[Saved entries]
== Segment start ==

(* In System $\mathsf{F_{<:}^{K\top}}$, if $\Theta \vdash_A R <: S$ and $\Theta \vdash_A S <: T$, then $\Theta \vdash_A R <: T$.
   Context: System $\mathsf{F_{<:}^{K\top}}$: raw types $T ::= \top \mid X \mid T\to T \mid \forall^{\mathsf K}(X<:T).T \mid \forall^\top(X<:T).T$, up to $\alpha$-conversion. Contexts $\Theta$: finite sequences of $X<:T$ or $x:T$ with distinct variables, each type well-formed (free type variables declared earlier) over the preceding part; $\Theta\vdash T$ means $T$ is well-formed over well-formed $\Theta$. Algorithmic subtyping $\Theta\vdash_A S<:T$ (for $\Theta\vdash S$, $\Theta\vdash T$) is generated by: (1) $\Theta\vdash_A T<:\top$; (2) $\Theta\vdash_A X<:X$; (3) if $T\not\equiv\top$, $T\not\equiv X$ and $\Theta,X<:S,\Theta'\vdash_A S<:T$, then $\Theta,X<:S,\Theta'\vdash_A X<:T$; (4) from $\Theta\vdash_A S'<:S$ and $\Theta\vdash_A T<:T'$ infer $\Theta\vdash_A S\to T<:S'\to T'$; (5) from $\Theta,X<:S\vdash_A T<:T'$ infer $\Theta\vdash_A\forall^{\mathsf K}(X<:S).T<:\forall^{\mathsf K}(X<:S).T'$; (6) from $\Theta\vdash_A T_0<:S_0$ and $\Theta,X<:S_0\vdash_A S_1<:T_1$ infer $\Theta\vdash_A\forall^{\mathsf K}(X<:S_0).S_1<:\forall^\top(X<:T_0).T_1$; (7) from $\Theta\vdash_A T_0<:S_0$ and $\Theta,X<:\top\vdash_A S_1<:T_1$ infer $\Theta\vdash_A\forall^\top(X<:S_0).S_1<:\forall^\top(X<:T_0).T_1$. *)

From Stdlib Require Import Arith List.
Import ListNotations.

(* Raw types: Top | X | T -> T | forall^K (X<:T).T | forall^Top (X<:T).T.
   Type variables are de Bruijn indices into the context. *)
Inductive typ : Type :=
  | ty_top : typ
  | ty_var : nat -> typ
  | ty_arrow : typ -> typ -> typ
  | ty_allK : typ -> typ -> typ      (* forall^K (X<:T1). T2, X bound in T2 *)
  | ty_allT : typ -> typ -> typ.     (* forall^Top (X<:T1). T2, X bound in T2 *)

(* Both occupy a de Bruijn position;
   the type in an entry is relative to the part of the context after it
   (i.e. the preceding part, the list being innermost-first). *)
Inductive binding : Type :=
  | b_sub : typ -> binding
  | b_var : typ -> binding.

Definition ctx := list binding.

Fixpoint tshift (c : nat) (T : typ) : typ :=
  match T with
  | ty_top => ty_top
  | ty_var n => ty_var (if Nat.leb c n then S n else n)
  | ty_arrow T1 T2 => ty_arrow (tshift c T1) (tshift c T2)
  | ty_allK T1 T2 => ty_allK (tshift c T1) (tshift (S c) T2)
  | ty_allT T1 T2 => ty_allT (tshift c T1) (tshift (S c) T2)
  end.

(* Bound of type variable n in the context, expressed relative to the
   whole context; None if entry n is absent or is a term binding. *)
Fixpoint get_bound (E : ctx) (n : nat) : option typ :=
  match E, n with
  | b_sub U :: _, O => Some (tshift 0 U)
  | _ :: E', S m => option_map (tshift 0) (get_bound E' m)
  | _, _ => None
  end.

Fixpoint wf_typ (E : ctx) (T : typ) : Prop :=
  match T with
  | ty_top => True
  | ty_var n => exists U, get_bound E n = Some U
  | ty_arrow T1 T2 => wf_typ E T1 /\ wf_typ E T2
  | ty_allK T1 T2 => wf_typ E T1 /\ wf_typ (b_sub T1 :: E) T2
  | ty_allT T1 T2 => wf_typ E T1 /\ wf_typ (b_sub T1 :: E) T2
  end.

(* Well-formed contexts: each type well-formed over the preceding part.
   (Distinctness of variables is automatic with de Bruijn indices.) *)
Fixpoint wf_ctx (E : ctx) : Prop :=
  match E with
  | [] => True
  | b_sub T :: E' => wf_ctx E' /\ wf_typ E' T
  | b_var T :: E' => wf_ctx E' /\ wf_typ E' T
  end.

Inductive asub : ctx -> typ -> typ -> Prop :=
  | asub_top : forall E T,
      wf_ctx E -> wf_typ E T ->
      asub E T ty_top
  | asub_refl_tvar : forall E n,
      wf_ctx E -> wf_typ E (ty_var n) ->
      asub E (ty_var n) (ty_var n)
  | asub_trans_tvar : forall E n S T,
      get_bound E n = Some S ->
      T <> ty_top -> T <> ty_var n ->
      asub E S T ->
      asub E (ty_var n) T
  | asub_arrow : forall E S S' T T',
      asub E S' S -> asub E T T' ->
      asub E (ty_arrow S T) (ty_arrow S' T')
  | asub_allK : forall E S T T',
      asub (b_sub S :: E) T T' ->
      asub E (ty_allK S T) (ty_allK S T')
  | asub_allK_allT : forall E S0 S1 T0 T1,
      asub E T0 S0 -> asub (b_sub S0 :: E) S1 T1 ->
      asub E (ty_allK S0 S1) (ty_allT T0 T1)
  | asub_allT : forall E S0 S1 T0 T1,
      asub E T0 S0 -> asub (b_sub ty_top :: E) S1 T1 ->
      asub E (ty_allT S0 S1) (ty_allT T0 T1).

(* Transitivity is proved by well-founded induction on the size of the middle
   type, with an inner induction on the left derivation to get past the
   variable-promotion steps.  The one case not covered by the induction
   hypothesis alone is [forall^K <: forall^Top <: forall^Top]: the right body
   is checked under [X <: Top] but must be composed with a left body checked
   under [X <: S0].  A variable bounded by [Top] can never be promoted (only
   [Top] is a supertype of [Top]), so narrowing the bound [Top] to any
   well-formed type preserves subtyping. *)
From Stdlib Require Import Arith List Lia Wf_nat.
Import ListNotations.

Lemma get_bound_rebind_defined : forall G E U U' n,
  (exists X, get_bound (G ++ b_sub U :: E) n = Some X) ->
  exists X, get_bound (G ++ b_sub U' :: E) n = Some X.
Proof.
  induction G as [|b G IH]; intros E U U' n [X HX].
  - destruct n; simpl in *; eauto.
  - destruct b, n; simpl in *; try discriminate; eauto;
      destruct (get_bound (G ++ b_sub U :: E) n) eqn:Hg; try discriminate;
      destruct (IH E U U' n (ex_intro _ _ Hg)) as [Y ->]; simpl; eauto.
Qed.

Lemma get_bound_rebind_neq : forall G E U U' n, n <> length G ->
  get_bound (G ++ b_sub U :: E) n = get_bound (G ++ b_sub U' :: E) n.
Proof.
  induction G as [|b G IH]; intros E U U' n Hn.
  - destruct n; simpl in *; [lia | reflexivity].
  - destruct b, n; simpl in *; try reflexivity; rewrite (IH E U U' n); auto.
Qed.

Lemma get_bound_top_length : forall G E,
  get_bound (G ++ b_sub ty_top :: E) (length G) = Some ty_top.
Proof.
  induction G as [|b G IH]; intros E; simpl; auto.
  destruct b; rewrite IH; reflexivity.
Qed.

Lemma wf_typ_rebind : forall T G E U U',
  wf_typ (G ++ b_sub U :: E) T -> wf_typ (G ++ b_sub U' :: E) T.
Proof.
  induction T as [| n | T1 IH1 T2 IH2 | T1 IH1 T2 IH2 | T1 IH1 T2 IH2];
    intros G E U U' H; simpl in *; auto.
  - eapply get_bound_rebind_defined; eauto.
  - destruct H; split; eauto.
  - destruct H; split; eauto. apply (IH2 (b_sub T1 :: G) E U); assumption.
  - destruct H; split; eauto. apply (IH2 (b_sub T1 :: G) E U); assumption.
Qed.

Lemma wf_ctx_rebind : forall G E U U',
  wf_ctx (G ++ b_sub U :: E) -> wf_typ E U' -> wf_ctx (G ++ b_sub U' :: E).
Proof.
  induction G as [|b G IH]; intros E U U' H HU; simpl in *.
  - tauto.
  - destruct b, H; split; eauto using wf_typ_rebind.
Qed.

Lemma asub_regular : forall E A B,
  asub E A B -> wf_ctx E /\ wf_typ E A /\ wf_typ E B.
Proof.
  induction 1; simpl in *; try (intuition eauto; fail).
  - intuition. apply (wf_typ_rebind T1 [] E S0); assumption.
  - intuition.
    + apply (wf_typ_rebind S1 [] E ty_top); assumption.
    + apply (wf_typ_rebind T1 [] E ty_top); assumption.
Qed.

Lemma asub_top_inv : forall E T, asub E ty_top T -> T = ty_top.
Proof. intros E T H; inversion H; auto. Qed.

Lemma asub_top_right : forall E A B, asub E A B -> asub E A ty_top.
Proof.
  intros E A B H. destruct (asub_regular _ _ _ H) as [? [? _]].
  apply asub_top; assumption.
Qed.

Lemma asub_tvar_of_bound : forall E n S T,
  get_bound E n = Some S -> asub E S T -> asub E (ty_var n) T.
Proof.
  intros E n S T Hn HST.
  destruct (asub_regular _ _ _ HST) as [HE _].
  assert (Hwf : wf_typ E (ty_var n)) by (simpl; eauto).
  destruct T as [| m | | |]; try (eapply asub_trans_tvar; eauto; congruence).
  - apply asub_top; assumption.
  - destruct (Nat.eq_dec m n) as [-> | Hmn].
    + apply asub_refl_tvar; assumption.
    + eapply asub_trans_tvar; eauto; congruence.
Qed.

Lemma asub_narrow_top : forall G E S A B,
  asub (G ++ b_sub ty_top :: E) A B -> wf_typ E S ->
  asub (G ++ b_sub S :: E) A B.
Proof.
  intros G E S A B H HS. remember (G ++ b_sub ty_top :: E) as E' eqn:HE'.
  revert G HE'.
  induction H; intros G HE'; subst.
  - apply asub_top; eauto using wf_ctx_rebind, wf_typ_rebind.
  - apply asub_refl_tvar; eauto using wf_ctx_rebind, wf_typ_rebind.
  - destruct (Nat.eq_dec n (length G)) as [-> | Hn].
    + rewrite get_bound_top_length in H. injection H as <-.
      apply asub_top_inv in H2. contradiction.
    + eapply asub_trans_tvar; eauto.
      rewrite (get_bound_rebind_neq G E S ty_top); auto.
  - apply asub_arrow; auto.
  - apply asub_allK. apply (IHasub (b_sub S0 :: G)); reflexivity.
  - apply asub_allK_allT; auto. apply (IHasub2 (b_sub S0 :: G)); reflexivity.
  - apply asub_allT; auto. apply (IHasub2 (b_sub ty_top :: G)); reflexivity.
Qed.

Fixpoint tsize (T : typ) : nat :=
  match T with
  | ty_top | ty_var _ => 1
  | ty_arrow A B | ty_allK A B | ty_allT A B => S (tsize A + tsize B)
  end.

Definition trans_at (Q : typ) : Prop :=
  forall E R T, asub E R Q -> asub E Q T -> asub E R T.

Lemma trans_at_of_smaller : forall E R Q, asub E R Q ->
  (forall Q', tsize Q' < tsize Q -> trans_at Q') ->
  forall T, asub E Q T -> asub E R T.
Proof.
  induction 1 as [E R HE HR | E n HE Hn | E n S Q Hn HQtop HQn HSQ IHSQ
                 | E S S' T T' HS IHS HT IHT | E S T T' HT IHT
                 | E S0 S1 T0 T1 H0 IH0 H1 IH1 | E S0 S1 T0 T1 H0 IH0 H1 IH1];
    intros Hsmaller U HQU; simpl in Hsmaller.
  - apply asub_top_inv in HQU; subst. apply asub_top; assumption.
  - exact HQU.
  - exact (asub_tvar_of_bound E n S U Hn (IHSQ Hsmaller U HQU)).
  - inversion HQU; subst.
    + eapply asub_top_right, asub_arrow; eassumption.
    + apply asub_arrow; eapply Hsmaller; eauto; lia.
  - inversion HQU; subst.
    + eapply asub_top_right, asub_allK; eassumption.
    + apply asub_allK. eapply Hsmaller; eauto; lia.
    + apply asub_allK_allT; auto. eapply Hsmaller; eauto; lia.
  - inversion HQU; subst.
    + eapply asub_top_right, asub_allK_allT; eassumption.
    + destruct (asub_regular _ _ _ H0) as [_ [_ HS0]].
      apply asub_allK_allT.
      * eapply Hsmaller; eauto; lia.
      * eapply Hsmaller; [| exact H1 |]; [lia |].
        apply (asub_narrow_top [] E S0); assumption.
  - inversion HQU; subst.
    + eapply asub_top_right, asub_allT; eassumption.
    + apply asub_allT; eapply Hsmaller; eauto; lia.
Qed.

Lemma asub_trans_at : forall Q, trans_at Q.
Proof.
  induction Q as [Q IH] using (induction_ltof1 _ tsize).
  intros E R T HRQ. apply (trans_at_of_smaller E R Q HRQ IH).
Qed.

Theorem lemma6p1 : forall (Theta : ctx) (R S T : typ),
  asub Theta R S -> asub Theta S T -> asub Theta R T.
Proof.
  intros Theta R S T. apply asub_trans_at.
Qed.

== Segment end ==

Read through the data above. Report each line that has the word "tshift".

_Exercise answer_
Fixpoint tshift (c : nat) (T : typ) : typ :=
  | ty_arrow T1 T2 => ty_arrow (tshift c T1) (tshift c T2)
  | ty_allK T1 T2 => ty_allK (tshift c T1) (tshift (S c) T2)
  | ty_allT T1 T2 => ty_allT (tshift c T1) (tshift (S c) T2)
  | b_sub U :: _, O => Some (tshift 0 U)
  | _ :: E', S m => option_map (tshift 0) (get_bound E' m)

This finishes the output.